The jackfruit is also wonderful. Jackfruit, a member of the fig and breadfruit family, has long been used as a meat alternative — it shreds up just like pulled pork — but only in recent years has it started to make its way into Nashville’s dining scene. Maneet Chauhan’s latest eatery, Chaatable, offers it as a protein option in its biryani, and the Southern V prepares it like traditional Tennessee barbecue. The stringy fruit is smoked and covered in a tangy tomato-based sauce, piled onto either slider buns or nachos. The sliders, made with baked-in-house buns, come stacked with a generous mound of creamy coleslaw, while the nachos are topped with back beans, nacho “cheeze,” tomato, onion and dairy-free sour cream.

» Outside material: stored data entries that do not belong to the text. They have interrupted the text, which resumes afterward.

(* If (J, E) is G-nice and E is monomial, the normal form modulo J of an
   element of E only involves monomials of E: otherwise the part of the normal
   form outside E would be a nonzero element of J + E whose leading monomial
   lies neither in in(J) nor in E. *)
Lemma normal_form_monomial_ideal E a r :
  is_monomial_ideal E -> gnice le J E -> E a -> normal_form le J a r ->
  forall m, m \in msupp r -> E 'X_[m].
Proof.
move=> HEm nice Ea [Jar Nr]; have HE : is_ideal E by case: HEm.
pose V m := E 'X_[m].
have JEr' : ideal_add J E (r - mproj V r).
  have -> : r - mproj V r = (a - mproj V r) - (a - r) by ring.
  by apply: ideal_sub; [apply: ideal_gen_ideal | apply: ideal_gen_in; right;
    apply: ideal_sub => //; apply: mproj_in | apply: ideal_gen_in; left].
have r'0 : r - mproj V r = 0.
  apply/eqP; apply: contraT => nz; have [u lu] := lead_exists Hle nz.
  have Lu : lead_monos le (ideal_add J E) u by exists (r - mproj V r).
  move: (lu.1); rewrite mcoeff_msupp mcoeffB mproj_coef.
  case: (excluded_middle_informative (V u)) => [Vu|nVu] /=; first by rewrite subrr eqxx.
  rewrite subr0 -mcoeff_msupp => ur.
  by case: (gnice_lead HEm nice Lu) => [/(Nr _ ur)|/nVu].
move=> m; move/eqP: r'0; rewrite subr_eq0 => /eqP {1}->.
rewrite mcoeff_msupp mproj_coef; case: (excluded_middle_informative (V m)) => [Vm|nVm] //=.
by rewrite eqxx.
Qed.

Section Family.
Variables (L : Type) (E : L -> poly -> Prop).
Hypothesis HE : forall i, is_monomial_ideal (E i).
Hypothesis Hnice : forall i, gnice le J (E i).

(* Every element of J + sum_i E_i has a normal form modulo J all of whose
   monomials lie in some E_i: this property contains J and each E_i and is
   stable under sums, normal forms being additive. *)
Lemma normal_form_family f : ideal_add J (ideal_bigsum E) f ->
  exists r, normal_form le J f r /\ supported_in (fun m => exists i, E i 'X_[m]) r.
Proof.
pose P f := exists r, normal_form le J f r /\
  supported_in (fun m => exists i, E i 'X_[m]) r.
have PJ g : J g -> P g.
  by exists 0; split; [apply: normal_form_J | move=> m; rewrite msupp0].
have PD f1 f2 : P f1 -> P f2 -> P (f1 + f2).
  move=> [r1 [N1 S1]] [r2 [N2 S2]]; exists (r1 + r2); split; first exact: normal_form_add.
  by move=> m /msuppD_le; rewrite mem_cat => /orP[/S1|/S2].
have PE i g : E i g -> P g.
  move=> Eg; have [r Nr] := normal_form_exists Hle HJ g; exists r; split=> // m mr.
  by exists i; apply: normal_form_monomial_ideal Eg Nr _ mr.
have PB g : ideal_bigsum E g -> P g.
  apply: (ideal_gen_ind (P := P)); [by apply: PJ; case: HJ | exact: PD |].
  by move=> q h [i Eh]; apply: (PE i); apply: ideal_mul; first by case: (HE i).
apply: (ideal_gen_ind (P := P)); [by apply: PJ; case: HJ | exact: PD |].
move=> q g [Jg|Bg]; first by apply: PJ; apply: ideal_mul.
by apply: PB; apply: ideal_mul => //; apply: ideal_gen_ideal.
Qed.

Lemma lead_monos_family u :
  lead_monos le (ideal_add J (ideal_bigsum E)) u ->
  lead_monos le J u \/ exists i, E i 'X_[u].
Proof.
move=> [f [Hf _ lf]]; have [Lu|nLu] := classic (lead_monos le J u); first by left.
have [r [Nr Sr]] := normal_form_family Hf.
by right; apply: Sr; apply: lead_in_normal_form lf nLu Nr.
Qed.

End Family.
End GNicePairs.
(* Let $m>1$, $\chi>0$, $\alpha\in\mathbb R$, and let $p\ge2$ be an integer. (i) If $\chi<C_p$ and $\alpha\le0$, then $\mathcal F^p_{m,\alpha}$ has no critical point in $\mathcal R^p$. (ii) If $\chi=C_p$ and $\alpha<0$, then $\mathcal F^p_{m,\alpha}$ has no critical point in $\mathcal R^p$. (iii) If $\chi>C_p$, then any critical point $V\in\mathcal R^p$ of $\mathcal F^p_{m,\alpha}$ satisfies $\mathcal F^p_m(V)=\frac{2}{m-1}\alpha\,\frac{|V|^2}{2}$; in particular $\mathcal F^p_m(V)$ has the same sign as $\alpha$.
   Context: $\mathcal R^p=\{X\in\mathbb R^p: X_1<\dots<X_p,\ \sum_iX_i=0\}$. $\mathcal F^p_{m,\alpha}(X)=\frac1{m-1}\sum_{i=1}^{p-1}(X_{i+1}-X_i)^{1-m}-\frac{\chi}{m-1}\sum_{1\le i\ne j\le p}|X_i-X_j|^{1-m}+\alpha\frac{|X|^2}{2}$, $\mathcal F^p_m=\mathcal F^p_{m,0}$. $C_p$ is defined by $\frac1{C_p}=\max_{X\in\mathcal R^p}\frac{\sum_{1\le i\ne j\le p}|X_j-X_i|^{1-m}}{\sum_{i=1}^{p-1}(X_{i+1}-X_i)^{1-m}}$. A critical point is a point of $\mathcal R^p$ where the Euclidean gradient of the functional on $\mathbb R^p$ vanishes. *)

From HB Require Import structures.
From mathcomp Require Import all_boot all_order all_algebra.
From mathcomp Require Import all_classical all_reals all_analysis.
Set Implicit Arguments. Unset Strict Implicit. Unset Printing Implicit Defensive.
Import Order.TTheory GRing.Theory Num.Theory.
Import numFieldNormedType.Exports.
Local Open Scope classical_set_scope.
Local Open Scope ring_scope.

(* Points of R^p are row vectors X : 'rV[R]_p, coordinate X_i = X ord0 i
   (i : 'I_p, i.e. indices 0..p-1 instead of 1..p). *)
Section Defs.
Variable R : realType.

Definition inRp (p : nat) (X : 'rV[R]_p) : Prop :=
  (forall i j : 'I_p, (i < j)%N -> X ord0 i < X ord0 j) /\
  \sum_(i < p) X ord0 i = 0.

Definition consec_sum (m : R) (p : nat) (X : 'rV[R]_p) : R :=
  \sum_(i < p) \sum_(j < p | val j == (val i).+1) (X ord0 j - X ord0 i) `^ (1 - m).

Definition pair_sum (m : R) (p : nat) (X : 'rV[R]_p) : R :=
  \sum_(i < p) \sum_(j < p | j != i) `|X ord0 i - X ord0 j| `^ (1 - m).

Definition sqnorm (p : nat) (X : 'rV[R]_p) : R := \sum_(i < p) X ord0 i ^+ 2.

Definition Fmalpha (m chi alpha : R) (p : nat) (X : 'rV[R]_p) : R :=
  (m - 1)^-1 * consec_sum m X - chi / (m - 1) * pair_sum m X
  + alpha * (sqnorm X / 2).

Definition Fm (m chi : R) (p : nat) (X : 'rV[R]_p) : R := Fmalpha m chi 0 X.

(* C_p : 1/C_p = max_{X in R^p} pair_sum / consec_sum (the max is taken as sup) *)
Definition Cp (m : R) (p : nat) : R :=
  (sup [set pair_sum m X / consec_sum m X | X in [set X : 'rV[R]_p | inRp X]])^-1.

Definition basis_vec (p : nat) (i : 'I_p) : 'rV[R]_p := \row_(j < p) (j == i)%:R.

Definition critical_point (p : nat) (F : 'rV[R]_p -> R) (X : 'rV[R]_p) : Prop :=
  forall i : 'I_p, derivable F X (basis_vec i) /\ 'D_(basis_vec i) F X = 0.

End Defs.

From HB Require Import structures.
From mathcomp Require Import all_boot all_order all_algebra.
From mathcomp Require Import all_classical all_reals all_analysis.
From mathcomp Require Import ring.
Set Implicit Arguments.
Unset Strict Implicit.
Unset Printing Implicit Defensive.
Import Order.TTheory GRing.Theory Num.Theory.
Import numFieldNormedType.Exports.
Local Open Scope classical_set_scope.
Local Open Scope ring_scope.

(* F^p_{m,alpha} is the sum of F^p_m, homogeneous of degree 1 - m on R^p, and of
   alpha |X|^2/2, homogeneous of degree 2.  At a critical point V the derivative
   along the ray through V vanishes, so Euler's identity gives
   (1 - m) F^p_m(V) + alpha |V|^2 = 0, which is (iii).  The definition of C_p makes
   F^p_m positive on R^p when chi < C_p and nonnegative when chi = C_p, and this
   is incompatible with the sign of alpha in (i) and (ii). *)

Section RayDerivative.
Context {R : realType} {V : normedModType R}.

Lemma is_derive_line (f : V -> R) (x v : V) (c : R) :
  is_derive (0:R) 1 (fun h : R => f (h *: v + x)) c -> is_derive x v f c.
Proof.
move=> dfc; apply: DeriveDef; first exact/derivable1P.
rewrite -(@derive_val _ _ _ _ _ _ _ dfc) /derive.
suff -> : (fun h : R => h^-1 *: ((f \o shift x) (h *: v) - f x)) =
  (fun h : R => h^-1 *: (((fun h0 => f (h0 *: v + x)) \o shift 0) h%:A - f (0 *: v + x))) by [].
apply/funext => h /=.
by rewrite addr0 scale0r add0r [_%:A]mulr1.
Qed.

Lemma is_derive_ray (f : V -> R) (x : V) (g : R -> R) (c : R) :
  (\forall t \near (1:R), f (t *: x) = g t) -> is_derive (1:R) 1 g c -> is_derive x x f c.
Proof.
move=> fg dg; apply: is_derive_line.
have {}fg : \forall h \near (0:R), f ((h + 1) *: x) = g (h + 1).
  by move: fg; rewrite (near_shift 0) /= subr0.
have dgs : is_derive (0:R) 1 (g \o shift 1) c.
  rewrite -[c]mulr1; apply: is_derive1_comp; last exact: is_derive_shift.
  by rewrite /= add0r.
apply: near_eq_is_derive dgs; apply: filterS fg => h /=.
by rewrite scalerDl scale1r.
Qed.
End RayDerivative.

Section CriticalPoint.
Context {R : realType} {p : nat}.

Lemma basis_vecE (i : 'I_p) : basis_vec R i = 'e_i.
Proof. by apply/rowP => j; rewrite !mxE eqxx. Qed.

Lemma critical_point_derive (F : 'rV[R]_p -> R) (X v : 'rV[R]_p) :
  differentiable F X -> critical_point F X -> 'D_v F X = 0.
Proof.
move=> dF cF; rewrite deriveE // (row_sum_delta v) linear_sum big1 // => k _.
by rewrite linearZ /= -basis_vecE -deriveE // (proj2 (cF k)) scaler0.
Qed.

End CriticalPoint.

Section Homogeneity.
Context {R : realType} {p : nat}.
Variable m : R.
Implicit Types (X : 'rV[R]_p) (t : R).

Lemma consec_sumZ X t : 0 <= t -> inRp X ->
  consec_sum m (t *: X) = t `^ (1 - m) * consec_sum m X.
Proof.
move=> t0 [incX _]; rewrite /consec_sum mulr_sumr; apply: eq_bigr => i _.
rewrite mulr_sumr; apply: eq_bigr => j /eqP ji.
by rewrite !mxE -mulrBr powRM // subr_ge0 ltW // incX // ji.
Qed.

Lemma pair_sumZ X t : 0 <= t -> pair_sum m (t *: X) = t `^ (1 - m) * pair_sum m X.
Proof.
move=> t0; rewrite /pair_sum mulr_sumr; apply: eq_bigr => i _.
rewrite mulr_sumr; apply: eq_bigr => j _.
by rewrite !mxE -mulrBr normrM ger0_norm // powRM.
Qed.

Lemma sqnormZ X t : sqnorm (t *: X) = t ^+ 2 * sqnorm X.
Proof. by rewrite /sqnorm mulr_sumr; apply: eq_bigr => i _; rewrite mxE exprMn. Qed.

Lemma FmalphaZ (chi alpha : R) X t : 0 <= t -> inRp X ->
  Fmalpha m chi alpha (t *: X)
  = t `^ (1 - m) * Fm m chi X + t ^+ 2 * (alpha * (sqnorm X / 2)).
Proof.
move=> t0 hX; rewrite /Fm /Fmalpha consec_sumZ // pair_sumZ // sqnormZ.
by rewrite mul0r addr0; ring.
Qed.

End Homogeneity.

Section Radial.
Context {R : realType} {p : nat}.
Variables m chi alpha : R.

Lemma is_derive_Fmalpha_radial (X : 'rV[R]_p) : inRp X ->
  is_derive X X (Fmalpha m chi alpha (p:=p)) ((1 - m) * Fm m chi X + alpha * sqnorm X).
Proof.
move=> hX.
pose g := Fm m chi X \*: (@powR R ^~ (1 - m)) + (alpha * (sqnorm X / 2)) \*: (fun t : R => t ^+ 2).
apply: (@is_derive_ray _ _ _ _ g).
  near=> t; rewrite FmalphaZ // /g /=; first by rewrite !fctE /= mulrC [t ^+ 2 * _]mulrC.
  by apply: ltW; near: t; exact: lt_nbhsr.
have dpow := is_derive1_powR (1 - m) (@ltr01 R).
have dsq : is_derive (1:R) 1 (fun t : R => t ^+ 2) (2%:R * 1 ^+ 1).
  split; [exact: exprn_derivable | by rewrite -derive1E exp_derive1].
apply: is_derive_eq (is_deriveD (is_deriveZ (Fm m chi X) dpow)
                                (is_deriveZ (alpha * (sqnorm X / 2)) dsq)) _.
by rewrite powR1 expr1n /GRing.scale /=; field.
Unshelve. all: by end_near. Qed.

End Radial.

Lemma inRp_coord_eq (R : realType) (p : nat) (X : 'rV[R]_p) (i j : 'I_p) :
  inRp X -> (X ord0 i == X ord0 j) = (i == j).
Proof.
move=> [incX _]; case: (ltngtP i j) => [ltij|ltji|/val_inj ->]; last by rewrite !eqxx.
- by rewrite lt_eqF ?incX // -val_eqE ltn_eqF.
- by rewrite gt_eqF ?incX // -val_eqE gtn_eqF.
Qed.

Section Differentiability.
Context {R : realType} {p : nat}.
Implicit Types (X : 'rV[R]_p) (a : R).

Lemma differentiable_sum_cond n (P : pred 'I_n) (h : 'I_n -> 'rV[R]_p -> R) X :
  (forall i, P i -> differentiable (h i) X) ->
  differentiable (fun Y => \sum_(i < n | P i) h i Y) X.
Proof.
move=> dh; have -> : (fun Y => \sum_(i < n | P i) h i Y) =
    \sum_(i < n) (fun Y => if P i then h i Y else 0).
  by rewrite fct_sumE; apply/funext => Y; rewrite big_mkcond.
apply: differentiable_sum => i; case: (boolP (P i)) => [/dh //|_].
exact: differentiable_cst.
Qed.

Lemma differentiable_comp_coordB (g : R -> R) (i j : 'I_p) X :
  derivable g (X ord0 i - X ord0 j) 1 ->
  differentiable (fun Y : 'rV[R]_p => g (Y ord0 i - Y ord0 j)) X.
Proof.
move=> /derivable1_diffP dg; apply: (differentiable_comp (g := g)) => //.
by apply: differentiableB; exact: differentiable_coord.
Qed.

Lemma differentiable_powR_coordB a (i j : 'I_p) X : X ord0 j < X ord0 i ->
  differentiable (fun Y : 'rV[R]_p => (Y ord0 i - Y ord0 j) `^ a) X.
Proof.
move=> ltji; apply: (differentiable_comp_coordB (g := fun w => w `^ a)).
by apply: derivable_powR; rewrite in_itv /= subr_gt0 ltji.
Qed.

Lemma differentiable_norm_powR_coordB a (i j : 'I_p) X : X ord0 i != X ord0 j ->
  differentiable (fun Y : 'rV[R]_p => `|Y ord0 i - Y ord0 j| `^ a) X.
Proof.
suff dpos k l : X ord0 l < X ord0 k ->
    differentiable (fun Y : 'rV[R]_p => `|Y ord0 k - Y ord0 l| `^ a) X.
  rewrite neq_lt => /orP[/dpos dji|/dpos //].
  have -> : (fun Y : 'rV[R]_p => `|Y ord0 i - Y ord0 j| `^ a) =
            (fun Y : 'rV[R]_p => `|Y ord0 j - Y ord0 i| `^ a).
    by apply/funext => Y; rewrite distrC.
  exact: dji.
move=> ltlk; apply: (differentiable_comp_coordB (g := fun w => `|w| `^ a)).
have z0 : 0 < X ord0 k - X ord0 l by rewrite subr_gt0.
apply: (near_eq_derivable (f := fun w => w `^ a)); last first.
  by apply: derivable_powR; rewrite in_itv /= z0.
near=> w; rewrite ger0_norm // ltW //; near: w; exact: lt_nbhsr.
Unshelve. all: by end_near. Qed.

Lemma differentiable_Fmalpha (m chi alpha : R) X :
  inRp X -> differentiable (Fmalpha m chi alpha (p:=p)) X.
Proof.
move=> hX; have [incX _] := hX.
apply: differentiableD; first apply: differentiableB.
- apply: differentiableZ; apply: differentiable_sum_cond => i _.
  apply: differentiable_sum_cond => j /eqP ji.
  by apply: differentiable_powR_coordB; apply: incX; rewrite ji.
- apply: differentiableZ; apply: differentiable_sum_cond => i _.
  apply: differentiable_sum_cond => j ji; apply: differentiable_norm_powR_coordB.
  by rewrite inRp_coord_eq // eq_sym.
- apply: differentiableM; first exact: differentiable_cst.
  apply: differentiableM; last exact: differentiable_cst.
  rewrite /sqnorm; apply: differentiable_sum_cond => i _.
  by apply: differentiableM; exact: differentiable_coord.
Qed.

End Differentiability.

Lemma Fm_critical_point (R : realType) (m chi alpha : R) (p : nat) (X : 'rV[R]_p) :
  1 < m -> inRp X -> critical_point (Fmalpha m chi alpha (p:=p)) X ->
  Fm m chi X = 2 / (m - 1) * alpha * (sqnorm X / 2).
Proof.
move=> m_gt1 hX cX; have m1_neq0 : m - 1 != 0 by rewrite subr_eq0 gt_eqF.
have := critical_point_derive X (differentiable_Fmalpha m chi alpha hX) cX.
rewrite (@derive_val _ _ _ _ _ _ _ (is_derive_Fmalpha_radial m chi alpha hX)) => euler.
have scaled : (m - 1) * Fm m chi X = alpha * sqnorm X.
  by apply/eqP; rewrite -subr_eq0 -oppr_eq0 -euler; apply/eqP; ring.
by rewrite -(mulKf m1_neq0 (Fm m chi X)) scaled; field.
Qed.

Lemma sumr_gt0_term (R : numDomainType) (I : finType) (P : pred I) (F : I -> R) (k : I) :
  (forall i, P i -> 0 <= F i) -> P k -> 0 < F k -> 0 < \sum_(i | P i) F i.
Proof.
move=> F_ge0 Pk Fk; rewrite lt_def psumr_neq0 // sumr_ge0 // andbT.
by apply/hasP; exists k; rewrite ?mem_index_enum ?Pk.
Qed.

Section Bounds.
Context {R : realType} {p : nat}.
Variable m : R.
Hypothesis p_ge2 : (2 <= p)%N.
Implicit Types (X : 'rV[R]_p).

Let i0 : 'I_p := Ordinal (ltn_trans (ltnSn 0) p_ge2).
Let i1 : 'I_p := Ordinal p_ge2.

Lemma consec_sum_gt0 X : inRp X -> 0 < consec_sum m X.
Proof.
move=> [incX _]; apply: (sumr_gt0_term (k := i0)) => // [i _|].
  by apply: sumr_ge0 => j _; exact: powR_ge0.
apply: (sumr_gt0_term (k := i1)) => // [j _|]; first exact: powR_ge0.
by apply: powR_gt0; rewrite subr_gt0 incX.
Qed.

Lemma pair_sum_gt0 X : inRp X -> 0 < pair_sum m X.
Proof.
move=> hX; apply: (sumr_gt0_term (k := i0)) => // [i _|].
  by apply: sumr_ge0 => j _; exact: powR_ge0.
apply: (sumr_gt0_term (k := i1)) => //.
by apply: powR_gt0; rewrite normr_gt0 subr_eq0 inRp_coord_eq.
Qed.

Lemma sqnorm_gt0 X : inRp X -> 0 < sqnorm X.
Proof.
move=> [incX _]; rewrite lt_def sumr_ge0 => [|i _]; last exact: sqr_ge0.
rewrite andbT; apply/eqP => /psumr_eq0P sq0.
have X0 i : X ord0 i = 0.
  by apply/eqP; rewrite -sqrf_eq0; apply/eqP; apply: sq0 => // j _; exact: sqr_ge0.
by have := incX i0 i1 isT; rewrite !X0 ltxx.
Qed.

Lemma Cp_mul_pair_sum_le X : 0 < Cp m p -> inRp X ->
  Cp m p * pair_sum m X <= consec_sum m X.
Proof.
move=> Cp_gt0 hX.
have ratio_le : pair_sum m X / consec_sum m X <= (Cp m p)^-1.
  (* without a supremum, sup returns 0 and then Cp m p = 0 *)
  move: Cp_gt0; rewrite /Cp invrK.
  set S := [set _ | _ in _]; have [supS _|/sup_out ->] := pselect (has_sup S).
    by apply: sup_upper_bound => //; exists X.
  by rewrite invr0 ltxx.
rewrite ler_pdivrMr ?consec_sum_gt0 // in ratio_le.
by rewrite -[consec_sum m X]mul1r -(mulfV (lt0r_neq0 Cp_gt0)) -mulrA ler_pM2l.
Qed.

Lemma FmE (chi : R) X : Fm m chi X = (consec_sum m X - chi * pair_sum m X) / (m - 1).
Proof. by rewrite /Fm /Fmalpha mul0r addr0; ring. Qed.

Lemma Fm_gt0 (chi : R) X : 1 < m -> 0 < chi -> chi < Cp m p -> inRp X -> 0 < Fm m chi X.
Proof.
move=> m_gt1 chi_gt0 chi_lt hX; rewrite FmE divr_gt0 ?subr_gt0 //.
have Cp_gt0 : 0 < Cp m p by apply: lt_trans chi_lt.
apply: lt_le_trans (Cp_mul_pair_sum_le Cp_gt0 hX).
by rewrite ltr_pM2r ?pair_sum_gt0.
Qed.

Lemma Fm_ge0 (chi : R) X : 1 < m -> 0 < chi -> chi <= Cp m p -> inRp X -> 0 <= Fm m chi X.
Proof.
move=> m_gt1 chi_gt0 chi_le hX.
rewrite FmE divr_ge0 //; last by rewrite subr_ge0 ltW.
rewrite subr_ge0.
have Cp_gt0 : 0 < Cp m p by apply: lt_le_trans chi_le.
apply: le_trans (Cp_mul_pair_sum_le Cp_gt0 hX).
by rewrite ler_pM2r ?pair_sum_gt0.
Qed.

End Bounds.

Unset Implicit Arguments.

Theorem proposition2p4 (R : realType) (m chi alpha : R) (p : nat) :
  1 < m -> 0 < chi -> (2 <= p)%N ->
  ((chi < Cp m p -> alpha <= 0 ->
      forall X : 'rV[R]_p, inRp X -> ~ critical_point (Fmalpha m chi alpha (p:=p)) X)
   /\
   (chi = Cp m p -> alpha < 0 ->
      forall X : 'rV[R]_p, inRp X -> ~ critical_point (Fmalpha m chi alpha (p:=p)) X)
   /\
   (Cp m p < chi ->
      forall V : 'rV[R]_p, inRp V -> critical_point (Fmalpha m chi alpha (p:=p)) V ->
        Fm m chi V = 2 / (m - 1) * alpha * (sqnorm V / 2)
        /\ Num.sg (Fm m chi V) = Num.sg alpha)).
Proof.
move=> m_gt1 chi_gt0 p_ge2.
have coef_gt0 : 0 < 2 / (m - 1) by rewrite divr_gt0 // subr_gt0.
have half_sqnorm_gt0 (X : 'rV[R]_p) : inRp X -> 0 < sqnorm X / 2.
  by move=> hX; rewrite divr_gt0 ?(sqnorm_gt0 p_ge2).
split; [|split].
- move=> chi_lt alpha_le0 X hX /(Fm_critical_point m_gt1 hX) FmX.
  have := Fm_gt0 p_ge2 m_gt1 chi_gt0 chi_lt hX.
  by rewrite FmX -mulrA pmulr_rgt0 // pmulr_lgt0 ?half_sqnorm_gt0 // ltNge alpha_le0.
- move=> chi_eq alpha_lt0 X hX /(Fm_critical_point m_gt1 hX) FmX.
  have chi_le : chi <= Cp m p by rewrite chi_eq.
  have := Fm_ge0 p_ge2 m_gt1 chi_gt0 chi_le hX.
  by rewrite FmX -mulrA pmulr_rge0 // pmulr_lge0 ?half_sqnorm_gt0 // leNgt alpha_lt0.
- move=> _ V hV /(Fm_critical_point m_gt1 hV) FmV; split => //.
  rewrite FmV -mulrA sgrM (gtr0_sg coef_gt0) mul1r.
  by rewrite sgrM (gtr0_sg (half_sqnorm_gt0 V hV)) mulr1.
Qed.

As far as the sides go, The Southern V does those right, too — the macaroni-and-cheese is rich and creamy, just as rib-sticking as any butter-and-milk version, and baked beans, sweet with brown sugar, have a deep, smoky flavor that will leave meat-eaters hunting for that hunk of white pork fat that’s usually bobbing around.
Though their menu is deeply rooted in comfort-food tradition, the Hancocks say they have a few surprises, too. “There are a couple things we have in the stash that we’re not gonna bring out yet,” says Clifton, grinning.
And the couple isn’t afraid to step away from familiarity to experiment every so often, either — in January they celebrated Martin Luther King Jr. with the Luther Burger, a veggie burger patty on a homemade doughnut with vegan cheddar, tomato and vegan bacon.
“For me, when it comes down to it, simple is best,” says Tiffany. “I can get extravagant. But still, at the end of the day, simple is where it’s at.”